▶ ASSIGNED TASK
The answer must be every line of the data that holds the word "simpl".

▶ MATERIAL FOR THIS EXERCISE
Lemma diag_mxE (w : 'I_n -> R) i j : diag_mx (\row_k w k) i j = (i == j)%:R * w j.
Proof. by rewrite !mxE; case: eqVneq => [->|_]; rewrite ?mul1r ?mul0r. Qed.

Lemma diag_gramE (w : 'I_n -> R) i k :
  (diag_mx (\row_j w j) *m (diag_mx (\row_j w j))^T) i k = (k == i)%:R * w i ^+ 2.
Proof.
rewrite tr_diag_mx mul_diag_mx mxE diag_mxE mxE eq_sym.
by case: eqVneq => [->|_]; rewrite ?mul1r ?mul0r ?mulr0 // expr2.
Qed.

Lemma perturbed_indep (x y w : 'I_n -> R) :
  (forall i, 0 < x i) -> (forall i, 0 < y i) -> (forall i, 0 < w i) ->
  pairwise_indep_cols (row_mx (cycle_B x y) (diag_mx (\row_i w i))).
Proof.
move=> x_gt0 y_gt0 w_gt0.
apply: pairwise_indep_of_private_rows => [j1 j2|j]; last first.
  rewrite -[j]splitK; case: (split j) => a /=; exists a.
    by rewrite row_mxEl cycle_B_diag_neq0.
  by rewrite row_mxEr diag_mxE eqxx mul1r gt_eqF.
rewrite -[j1]splitK -[j2]splitK.
case: (split j1) => a; case: (split j2) => b /= ne.
- have ab : a != b by apply: contraNneq ne => ->.
  have [r [h1 h2]] := cycle_B_private_row x_gt0 y_gt0 ab.
  by left; exists r; rewrite !row_mxEl.
- left; exists (if a == b then cnext a else a); rewrite row_mxEl row_mxEr diag_mxE.
  case: (eqVneq a b) => [<-|ab]; last by rewrite (negPf ab) mul0r cycle_B_diag_neq0.
  by rewrite cnext_neq // mul0r cycle_B_next_neq0.
- right; exists (if b == a then cnext b else b); rewrite row_mxEl row_mxEr diag_mxE.
  case: (eqVneq b a) => [<-|ba]; last by rewrite (negPf ba) mul0r cycle_B_diag_neq0.
  by rewrite cnext_neq // mul0r cycle_B_next_neq0.
- have ab : a != b by apply: contraNneq ne => ->.
  by left; exists a; rewrite !row_mxEr !diag_mxE eqxx (negPf ab) mul0r mul1r gt_eqF.
Qed.

(* If x_i y_i = s_i t_i and x_i^2 + y_(i-1)^2 stays below the diagonal
   s_i^2 + t_(i-1)^2, the cycle factor B(x, y) completed by the diagonal
   defects gives a CP factorization of B B^T with 2n columns. *)
Lemma perturbed_factorization (s t x y : 'I_n -> R) :
  (forall i, 0 < x i) -> (forall i, 0 < y i) ->
  (forall i, x i * y i = s i * t i) ->
  (forall i, x i ^+ 2 + y (cprev i) ^+ 2 < s i ^+ 2 + t (cprev i) ^+ 2) ->
  other_cp_factorization (cycle_B s t *m (cycle_B s t)^T) (cycle_B s t).
Proof.
move=> x_gt0 y_gt0 hxy hgap.
pose w i := Num.sqrt (s i ^+ 2 + t (cprev i) ^+ 2 - x i ^+ 2 - y (cprev i) ^+ 2).
have w_gt0 i : 0 < w i by rewrite sqrtr_gt0; have := hgap i; lra.
have w2 i : w i ^+ 2 = s i ^+ 2 + t (cprev i) ^+ 2 - x i ^+ 2 - y (cprev i) ^+ 2.
  by rewrite sqr_sqrtr //; have := hgap i; lra.
exists (n + n)%N, (row_mx (cycle_B x y) (diag_mx (\row_i w i))); split; last first.
  by move=> [f [/bij_eq_card]]; rewrite !card_ord; lia.
split.
- move=> r j; rewrite -[j]splitK; case: (split j) => a /=.
    by rewrite row_mxEl; apply: cycle_B_nonneg.
  by rewrite row_mxEr diag_mxE; apply: mulr_ge0 => //; exact: ltW.
- exact: perturbed_indep.
rewrite tr_row_mx mul_row_col; apply/matrixP => i k.
rewrite [RHS]mxE diag_gramE !(cycle_gramE n_ge4) w2 !hxy.
ring.
Qed.
Lemma derivable_mono (G G' : form -> Prop) f :
  (forall a, G a -> G' a) -> derivable G f -> derivable G' f.
Proof.
  intros HG; induction 1.
  - now apply der_thm.
  - now apply der_hyp, HG.
  - eapply der_mp; eauto.
Qed.

Lemma derivable_deduction G a b : derivable (extend G a) b -> derivable G (Imp a b).
Proof.
  induction 1 as [f Hf|f Hf|f g _ IHfg _ IHf].
  - exact (der_app _ _ _ (iKRI_K f a) (der_thm _ _ Hf)).
  - destruct Hf as [Hf| ->].
    + exact (der_app _ _ _ (iKRI_K f a) (der_hyp _ _ Hf)).
    + exact (der_thm _ _ (iKRI_I a)).
  - exact (der_app2 _ _ _ _ (iKRI_S a f g) IHfg IHf).
Qed.

Lemma derivable_iKRI f : derivable (fun _ => False) f -> iKRI f.
Proof.
  induction 1 as [f Hf|f []|f g _ IHfg _ IHf]; [exact Hf|].
  exact (d_mp _ _ _ IHfg IHf).
Qed.

Lemma iKRI_imp_intro a b : derivable (extend (fun _ => False) a) b -> iKRI (Imp a b).
Proof. intro Hd; apply derivable_iKRI, derivable_deduction, Hd. Qed.

Lemma derivable_chain (Gs : nat -> form -> Prop) f :
  (forall m n c, m <= n -> Gs m c -> Gs n c) ->
  derivable (fun c => exists n, Gs n c) f -> exists n, derivable (Gs n) f.
Proof.
  intros Hmono; induction 1 as [f Hf|f [n Hf]|f g _ [m Hm] _ [n Hn]].
  - exists 0; now apply der_thm.
  - exists n; now apply der_hyp.
  - exists (Nat.max m n); apply der_mp with f; eapply derivable_mono;
      try eassumption; intros c; apply Hmono; lia.
Qed.

Lemma iKRI_modus_ponens_and a b : iKRI (Imp (And (Imp a b) a) b).
Proof.
  apply iKRI_imp_intro.
  exact (der_mp _ _ _ (der_app _ _ _ (iKRI_andE1 _ _) (der_added _ _))
                      (der_app _ _ _ (iKRI_andE2 _ _) (der_added _ _))).
Qed.

(* Via a <-> a /\ b, right congruence and CM. *)
Lemma iKRI_cond_mono a b c : iKRI (Imp a b) -> iKRI (Imp (Cond c a) (Cond c b)).
Proof.
  intro Hab.
  assert (Ha_ab : iKRI (Iff a (And a b))).
  { apply iKRI_Iff; [|apply iKRI_andE1].
    apply iKRI_imp_intro.
    exact (der_app2 _ _ _ _ (iKRI_andI _ _) (der_added _ _)
             (der_app _ _ _ Hab (der_added _ _))). }
  apply iKRI_imp_intro.
  apply (der_app _ _ _ (iKRI_andE2 (Cond c a) _)),
        (der_app _ _ _ (iKRI_Iff_l _ _ (iKRI_CM _ _ _))),
        (der_app _ _ _ (iKRI_Iff_l _ _ (d_congr _ _ _ c Ha_ab))), der_added.
Qed.

Lemma iKRI_cond_nec a c : iKRI a -> iKRI (Cond c a).
Proof.
  intro Ha.
  apply (d_mp _ _ _ (iKRI_cond_mono Top a c (d_mp _ _ _ (iKRI_K a Top) Ha))).
  exact (d_mp _ _ _ (iKRI_Iff_r _ _ (iKRI_CN c)) (iKRI_I Bot)).
Qed.

Lemma iKRI_cond_and a b c : iKRI (Imp (And (Cond c a) (Cond c b)) (Cond c (And a b))).
Proof. apply iKRI_Iff_r, iKRI_CM. Qed.

(** * Prime theories *)

Record ptheory := {
  pt_mem :> form -> Prop;
  pt_closed : forall f, derivable pt_mem f -> pt_mem f;
  pt_consistent : ~ pt_mem Bot;
  pt_prime : forall a b, pt_mem (Or a b) -> pt_mem a \/ pt_mem b }.

Fixpoint form_code (f : form) : nat :=
  match f with
  | Var n => to_nat (0, n)
  | Bot => to_nat (1, 0)
  | And a b => to_nat (2, to_nat (form_code a, form_code b))
  | Or a b => to_nat (3, to_nat (form_code a, form_code b))
  | Imp a b => to_nat (4, to_nat (form_code a, form_code b))
  | Cond a b => to_nat (5, to_nat (form_code a, form_code b))
  end.

Lemma to_nat_inj m n m' n' : to_nat (m, n) = to_nat (m', n') -> m = m' /\ n = n'.
Proof.
  intro E; apply (f_equal of_nat) in E; rewrite !cancel_of_to in E.
  now injection E.
Qed.

Lemma form_code_inj f g : form_code f = form_code g -> f = g.
Proof.
  revert g; induction f; intros [] E; cbn [form_code] in E;
    apply to_nat_inj in E as [Etag E]; try discriminate Etag; try now subst.
  all: apply to_nat_inj in E as [E1 E2]; f_equal; auto.
Qed.

Section Lindenbaum.
Variables (G : form -> Prop) (psi : form).
Hypothesis G_psi : ~ derivable G psi.

Fixpoint stage (n : nat) : form -> Prop :=
  match n with
  | 0 => G
  | S m => fun c => stage m c \/
                    (form_code c = m /\ ~ derivable (extend (stage m) c) psi)
  end.

Definition limit (c : form) : Prop := exists n, stage n c.

Lemma stage_mono m n c : m <= n -> stage m c -> stage n c.
Proof. induction 1; simpl; auto. Qed.

Lemma stage_underivable n : ~ derivable (stage n) psi.
Proof.
  induction n as [|m IH]; [exact G_psi|].
  destruct (classic (exists c, form_code c = m /\
                        ~ derivable (extend (stage m) c) psi)) as [[c [Hc Hcpsi]]|Hnone].
  - intro D; apply Hcpsi; revert D; apply derivable_mono.
    intros a [Ha|[Ha _]]; [now left|right].
    apply form_code_inj; congruence.
  - intro D; apply IH; revert D; apply derivable_mono.
    intros a [Ha|Ha]; [exact Ha|exfalso; eauto].
Qed.

Lemma limit_underivable : ~ derivable limit psi.
Proof.
  intro D; destruct (derivable_chain stage psi stage_mono D) as [n Dn].
  exact (stage_underivable n Dn).
Qed.

Lemma limit_extend c : ~ limit c -> derivable (extend limit c) psi.
Proof.
  intro Hc.
  destruct (classic (derivable (extend (stage (form_code c)) c) psi)) as [D|D].
  - revert D; apply derivable_mono; intros a [Ha|Ha]; [left; eexists|right]; eauto.
  - exfalso; apply Hc; exists (S (form_code c)); simpl; auto.
Qed.

Lemma limit_closed f : derivable limit f -> limit f.
Proof.
  intro Df; apply NNPP; intro Hf; apply limit_underivable.
  exact (der_mp _ _ _ (derivable_deduction _ _ _ (limit_extend f Hf)) Df).
Qed.

Lemma limit_consistent : ~ limit Bot.
Proof.
  intro Hbot; apply limit_underivable.
  exact (der_app _ _ _ (iKRI_efq psi) (der_hyp _ _ Hbot)).
Qed.

Lemma limit_prime a b : limit (Or a b) -> limit a \/ limit b.
Proof.
  intro Hab; apply NNPP; intros [Ha Hb]%not_or_and; apply limit_underivable.
  apply (der_mp _ (Or a b)); [|now apply der_hyp].
  apply (der_app2 _ _ _ _ (iKRI_orE a b psi)); now apply derivable_deduction, limit_extend.
Qed.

▶ ANSWER
Proof. induction 1; simpl; auto. Qed.
  - exfalso; apply Hc; exists (S (form_code c)); simpl; auto.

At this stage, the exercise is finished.